Muscular Movement Conclusion
(1) The simplest muscular movement involves a coordination of muscles.
- The simplest muscular movement is a muscular complex.
- It is wrong to infer the unity of a movement as based upon the physiological unity of muscular action.
- With the arm in certain positions, a simple straight-line movement of the hand may necessitate movement of the entire muscular system of the arm.
(2) The smallest movement has some ''spread.''
Force of Movement
The greater the force of the movement, the greater is the spread of muscular activity.
Every voluntary movement made requires some arm position.
Every arm position requires its muscular setting.
We cannot speak of a definite movement without fixing both its extent and its force.
A pianissimo finger-stroke through two inches has a different muscular reaction than the same finger-stroke producing a forte tone.
(3) Equal and opposite spatial movements do not necessarily mean correspondingly equal and opposite muscular movements.
- Raising the arm requires more energy than lowering it.
- Forearm supination covers a wider force range than forearm pronation.
- The supinators are more powerful than the pronators.
- Finger adduction is easier than finger abduction.
- The fully adducted position (fingers side by side) is the position of normal rest.
- The previous statements imply that equal muscular effort produced unequal forces.
(4) The size and strength of a muscule depends upon its function.
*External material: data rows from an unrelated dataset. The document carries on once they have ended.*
(* Let $n$ be a positive integer and $g=3n+1$. Then the image under $\sigma$ of $\mathcal{G}_{2n}(g,q\le 3)$ contains no pseudo-symmetric gapset, and in fact $$\sigma\big(\mathcal{G}_{2n}(g,q\le 3)\big)=\mathcal{G}_{2n+1}(g+1)\setminus\mathcal{P},$$ where $\mathcal{P}=\{G\in\mathcal{G}_{2n+1}(g+1): G \text{ is pseudo-symmetric}\}$.
   Context: A gapset is a finite set $G\subset\mathbb{N}=\{1,2,\dots\}$ such that whenever $z\in G$ and $z=x+y$ with $x,y\in\mathbb{N}$, then $x\in G$ or $y\in G$; its genus is $g=\#G$. Write $G=\{\ell_1<\dots<\ell_g\}$. The multiplicity is $m(G)=\min\{s\in\mathbb{N}:s\notin G\}$, the conductor $c(G)=\min\{s\in\mathbb{N}: s+t\notin G\ \forall t\in\mathbb{N}_0\}$, the Frobenius number $F(G)=c(G)-1$ (equal to $\ell_g$ for nonempty $G$), and the depth $q(G)=\lceil c(G)/m(G)\rceil$. $G$ is pseudo-symmetric if $F(G)=2g-2$. $G$ is pure $\kappa$-sparse if $\ell_{i+1}-\ell_i\le\kappa$ for all $i$ with equality for at least one $i$. $\mathcal{G}_\kappa(g)$ is the set of pure $\kappa$-sparse gapsets of genus $g$, and $\mathcal{G}_\kappa(g,q\le 3)$ the subset of those with depth at most $3$. For $G=\{\ell_1<\dots<\ell_g\}\in\mathcal{G}_{2n}(g)$ let $\alpha=\max\{i:\ell_{i+1}-\ell_i=2n\}$ and define $$\sigma(G)=\{1\}\cup\{\ell_i+1: 1\le i\le\alpha\}\cup\{\ell_i+2:\alpha+1\le i\le g\}$$ (note $\ell_1=1$, so $\sigma(G)=\{1<2<\ell_2+1<\dots<\ell_\alpha+1<\ell_{\alpha+1}+2<\dots<\ell_g+2\}$). *)

(* A gapset is represented by the strictly increasing list
   of its elements  [l_1; ...; l_g]. *)
From mathcomp Require Import all_boot.
Set Implicit Arguments.
Unset Strict Implicit.
Unset Printing Implicit Defensive.
(* Let $\mathcal T,\mathcal S$ be sets, $N\ge1$ an integer, $0<\delta<1\le M$, and $\tau:\mathcal T\to(0,M]$, $\sigma:\mathcal S\to(0,M]$ functions. (1) Suppose that for all integers $k\ge N$ and $\ell\ge1$, $$\#\tau^{-1}([\delta^{k+\ell},\delta^k))\le\#\sigma^{-1}([\delta^{k+\ell+1},\delta^{k-1}))\quad\text{and}\quad \#\sigma^{-1}([\delta^{k+\ell},\delta^k))\le\#\tau^{-1}([\delta^{k+\ell+1},\delta^{k-1})).$$ Then there is $\delta'>0$ such that one of the following holds: (i) there is a bijection $\eta:\mathcal T\to\mathcal S$ with $\delta'\le \tau(t)/\sigma(\eta(t))\le 1/\delta'$ for all $t\in\mathcal T$; (ii) for some set $\mathcal I$ (disjoint from $\mathcal T$), extending $\tau$ to $\mathcal T\cup\mathcal I$ by $\tau(t)=1$ for $t\in\mathcal I$, there is a bijection $\eta:\mathcal T\cup\mathcal I\to\mathcal S$ with $\delta'\le \tau(t)/\sigma(\eta(t))\le 1/\delta'$ for all $t\in\mathcal T\cup\mathcal I$; (iii) for some set $\mathcal I$ (disjoint from $\mathcal S$), extending $\sigma$ to $\mathcal S\cup\mathcal I$ by $\sigma(s)=1$ for $s\in\mathcal I$, there is a bijection $\eta:\mathcal T\to\mathcal S\cup\mathcal I$ with $\delta'\le \tau(t)/\sigma(\eta(t))\le 1/\delta'$ for all $t\in\mathcal T$. (2) If the two displayed inequalities hold for all integers $k\in\mathbb Z$ (and all $\ell\ge1$), then alternative (i) holds for some $\delta'>0$.
   Context: $\#$ denotes cardinality (possibly infinite). *)

From HB Require Import structures.
From mathcomp Require Import all_boot all_order all_algebra.
From mathcomp Require Import all_classical all_reals.
Set Implicit Arguments. Unset Strict Implicit. Unset Printing Implicit Defensive.
Import Order.TTheory GRing.Theory Num.Theory.
Local Open Scope classical_set_scope.
Local Open Scope ring_scope.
- The most powerful muscles of the upper limb are found in the back and chest.
- The next most powerful muscle is the shoulder.
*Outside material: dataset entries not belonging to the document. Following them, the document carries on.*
(* $L_1(z)=R(z,1)$, where $L_1(z)$ is the coefficient of $x^1$ in $L(z,x)$.
   Context: Formulas are built from atoms by a binary product: every formula is an atom or $A\bullet B$. A context is a finite (possibly empty) list of formulas; commas denote concatenation; its length is its number of formulas. Size: $|p|=0$, $|A\bullet B|=1+|A|+|B|$. Frontier: $\mathrm{fr}(p)=p$, $\mathrm{fr}(A\bullet B)=\mathrm{fr}(A),\mathrm{fr}(B)$. A context is irreducible if its leftmost formula is not a product (it is empty or begins with an atom). A focused derivation is a finite derivation tree with no undischarged premises using only: ($\bullet L$) from $A,B,\Delta\vdash C$ infer $A\bullet B,\Delta\vdash C$; ($\bullet R^{foc}$) from $\Gamma\vdash A$ and $\Delta\vdash B$ infer $\Gamma,\Delta\vdash A\bullet B$ with $\Gamma$ irreducible; ($id^{atm}$) $p\vdash p$ for atoms $p$. For each $n$ fix the frontier $p_0,\dots,p_n$ of distinct atoms. Let $\ell_{n,k}$ (resp. $r_{n,k}$) be the number of focused derivations of sequents $\Gamma\vdash B$ with $|B|=n$, $\mathrm{fr}(B)=p_0,\dots,p_n$, and $\Gamma$ a context (resp. an irreducible context) of length $k$. $L(z,x)=\sum_{n,k}\ell_{n,k}z^nx^k$ and $R(z,x)=\sum_{n,k}r_{n,k}z^nx^k$ (formal power series). *)

From Stdlib Require Import List.
From mathcomp Require Import all_boot.

Set Implicit Arguments.
Unset Strict Implicit.
Unset Printing Implicit Defensive.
- The next most powerful muscle is the upper-arm, forearm, and the weakest in the hand.
(5) The more extended or forceful a movement is, the more necessary is the activity of the large muscles.
- This is a corollary to the second conclusion on the ''spread'' of muscular activity.
- In an extended movement a large amplitude must be covered.
This amplitude depends upon the movements of the large anatomical appendages (whole arm or forearm).
- For any movement, a certain amount of firmness must be present to permit the necessary joints to act as fixed fulcra.
- To maintain the fixed fulcra, large muscles will also be needed.
(6) Absence of motion does not necessarily mean absence of muscular activity.
- The two forces acting in opposite directions upon the same point will not produce motion at this point.
- Forces will nevertheless be acting at this point.
- Antagonistic muscular groups can act equally upon a joint.
- Setting the joint in a fixed position but not producing any motion at that joint is an example of two forces acting upon a point with no motion.
(7) No muscle is limited to the production of a single movement.
- A muscle has a primary function and always a secondary or tertiary function.
- Each muscle is the chief factor in a certain type of movement.
- As this type of movement gradually changes into other types of movement, the muscle continues to act in a continuously decreasing degree.
(8) Many movements of translation are produced by movements of rotation.
- The hand may move in a horizontal plane by rotation of the upper arm.
- The straight finger stroke may result from flexion in the hand knuckle combined with opposite extension at the interphalangeal joints.